Lemma cnorm1_scale_subr (N : R) y z : 0 <= N ->
  (forall e, z e != 0 -> Num.sg (y e) = Num.sg (z e)) ->
  (forall e, y e != 0 -> `|z e| <= N * `|y e|) ->
  cnorm1 (fun e => N * y e - z e) = N * cnorm1 y - cnorm1 z.
Proof.
move=> N_ge0 sg_yz le_zy; rewrite /cnorm1 mulr_sumr -sumrB; apply: eq_bigr => e _.
have [->|z_neq0] := eqVneq (z e) 0; first by rewrite normr0 !subr0 normrM ger0_norm.
have y_neq0 : y e != 0 by rewrite -sgr_eq0 sg_yz // sgr_eq0.
rewrite {1}[y e]numEsg {1}[z e]numEsg -sg_yz // mulrCA -mulrBr normrM.
by rewrite normr_sg y_neq0 mul1r ger0_norm // subr_ge0 le_zy.
Qed.

End Cochains.

Section VoronoiCell.
Variables (R : realFieldType) (V E : finType) (hd tl : E -> V).
Local Notation C := (@voronoiO R V E hd tl).
Local Notation d := (cobound hd tl).
Implicit Types (x y mu : E -> R) (g : V -> R) (D : orient E).

(* For a cut [y] one has [q y = cnorm1 y], and [tight y x] says that [x] lies on the
   bisector of [0] and [y]. *)
Definition tight y x := cinner y x *+ 2 = cnorm1 y.

Lemma voronoiOP x :
  C x <-> inK hd tl x /\ forall mu, inL hd tl mu -> cinner mu x *+ 2 <= cq mu.
Proof.
have le_sub mu : (cq x <= cq (fun e => x e - mu e)) = (cinner mu x *+ 2 <= cq mu).
  by rewrite cq_subr cinnerC -addrA lerDl addrC subr_ge0.
by split=> -[Kx Cx]; split=> // mu /Cx; rewrite le_sub.
Qed.

Definition indic (b : V -> bool) : V -> R := fun v => (b v)%:R.

Lemma cut_bound (b : V -> bool) x : C x ->
  cinner (d (indic b)) x *+ 2 <= cnorm1 (d (indic b)).
Proof.
have -> : cnorm1 (d (indic b)) = cq (d (indic b)).
  apply: eq_bigr => e _; rewrite /cobound /indic.
  by case: (b (hd e)); case: (b (tl e));
    rewrite ?subrr ?subr0 ?sub0r ?normrN ?normr1 ?normr0 ?mulr0 ?mulr1 ?mulN1r ?opprK.
move=> /voronoiOP[_ Cx]; apply: Cx.
by exists (fun v => (b v : nat)%:Z).
Qed.

Definition layer (p : V -> nat) (j : nat) : E -> R := d (indic (fun v => (j < p v)%N)).

Lemma layer_same_sign p e :
  (forall j, 0 <= layer p j e) \/ (forall j, layer p j e <= 0).
Proof.
rewrite /layer /cobound /indic.
have [le_tl_hd|lt_hd_tl] := leqP (p (tl e)) (p (hd e)); [left|right] => j.
  rewrite subr_ge0 ler_nat; case: (ltnP j (p (tl e))) => // lt_j.
  by rewrite (leq_trans lt_j le_tl_hd).
rewrite subr_le0 ler_nat; case: (ltnP j (p (hd e))) => // lt_j.
by rewrite (ltn_trans lt_j lt_hd_tl).
Qed.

[What needs to be done]
Each line of the material is to be returned precisely as written.

[Solution to this task]
Lemma cnorm1_scale_subr (N : R) y z : 0 <= N ->
  (forall e, z e != 0 -> Num.sg (y e) = Num.sg (z e)) ->
  (forall e, y e != 0 -> `|z e| <= N * `|y e|) ->
  cnorm1 (fun e => N * y e - z e) = N * cnorm1 y - cnorm1 z.
Proof.
move=> N_ge0 sg_yz le_zy; rewrite /cnorm1 mulr_sumr -sumrB; apply: eq_bigr => e _.
have [->|z_neq0] := eqVneq (z e) 0; first by rewrite normr0 !subr0 normrM ger0_norm.
have y_neq0 : y e != 0 by rewrite -sgr_eq0 sg_yz // sgr_eq0.
rewrite {1}[y e]numEsg {1}[z e]numEsg -sg_yz // mulrCA -mulrBr normrM.
by rewrite normr_sg y_neq0 mul1r ger0_norm // subr_ge0 le_zy.
Qed.

End Cochains.

Section VoronoiCell.
Variables (R : realFieldType) (V E : finType) (hd tl : E -> V).
Local Notation C := (@voronoiO R V E hd tl).
Local Notation d := (cobound hd tl).
Implicit Types (x y mu : E -> R) (g : V -> R) (D : orient E).

(* For a cut [y] one has [q y = cnorm1 y], and [tight y x] says that [x] lies on the
   bisector of [0] and [y]. *)
Definition tight y x := cinner y x *+ 2 = cnorm1 y.

Lemma voronoiOP x :
  C x <-> inK hd tl x /\ forall mu, inL hd tl mu -> cinner mu x *+ 2 <= cq mu.
Proof.
have le_sub mu : (cq x <= cq (fun e => x e - mu e)) = (cinner mu x *+ 2 <= cq mu).
  by rewrite cq_subr cinnerC -addrA lerDl addrC subr_ge0.
by split=> -[Kx Cx]; split=> // mu /Cx; rewrite le_sub.
Qed.

Definition indic (b : V -> bool) : V -> R := fun v => (b v)%:R.

Lemma cut_bound (b : V -> bool) x : C x ->
  cinner (d (indic b)) x *+ 2 <= cnorm1 (d (indic b)).
Proof.
have -> : cnorm1 (d (indic b)) = cq (d (indic b)).
  apply: eq_bigr => e _; rewrite /cobound /indic.
  by case: (b (hd e)); case: (b (tl e));
    rewrite ?subrr ?subr0 ?sub0r ?normrN ?normr1 ?normr0 ?mulr0 ?mulr1 ?mulN1r ?opprK.
move=> /voronoiOP[_ Cx]; apply: Cx.
by exists (fun v => (b v : nat)%:Z).
Qed.

Definition layer (p : V -> nat) (j : nat) : E -> R := d (indic (fun v => (j < p v)%N)).

Lemma layer_same_sign p e :
  (forall j, 0 <= layer p j e) \/ (forall j, layer p j e <= 0).
Proof.
rewrite /layer /cobound /indic.
have [le_tl_hd|lt_hd_tl] := leqP (p (tl e)) (p (hd e)); [left|right] => j.
  rewrite subr_ge0 ler_nat; case: (ltnP j (p (tl e))) => // lt_j.
  by rewrite (leq_trans lt_j le_tl_hd).
rewrite subr_le0 ler_nat; case: (ltnP j (p (hd e))) => // lt_j.
by rewrite (ltn_trans lt_j lt_hd_tl).
Qed.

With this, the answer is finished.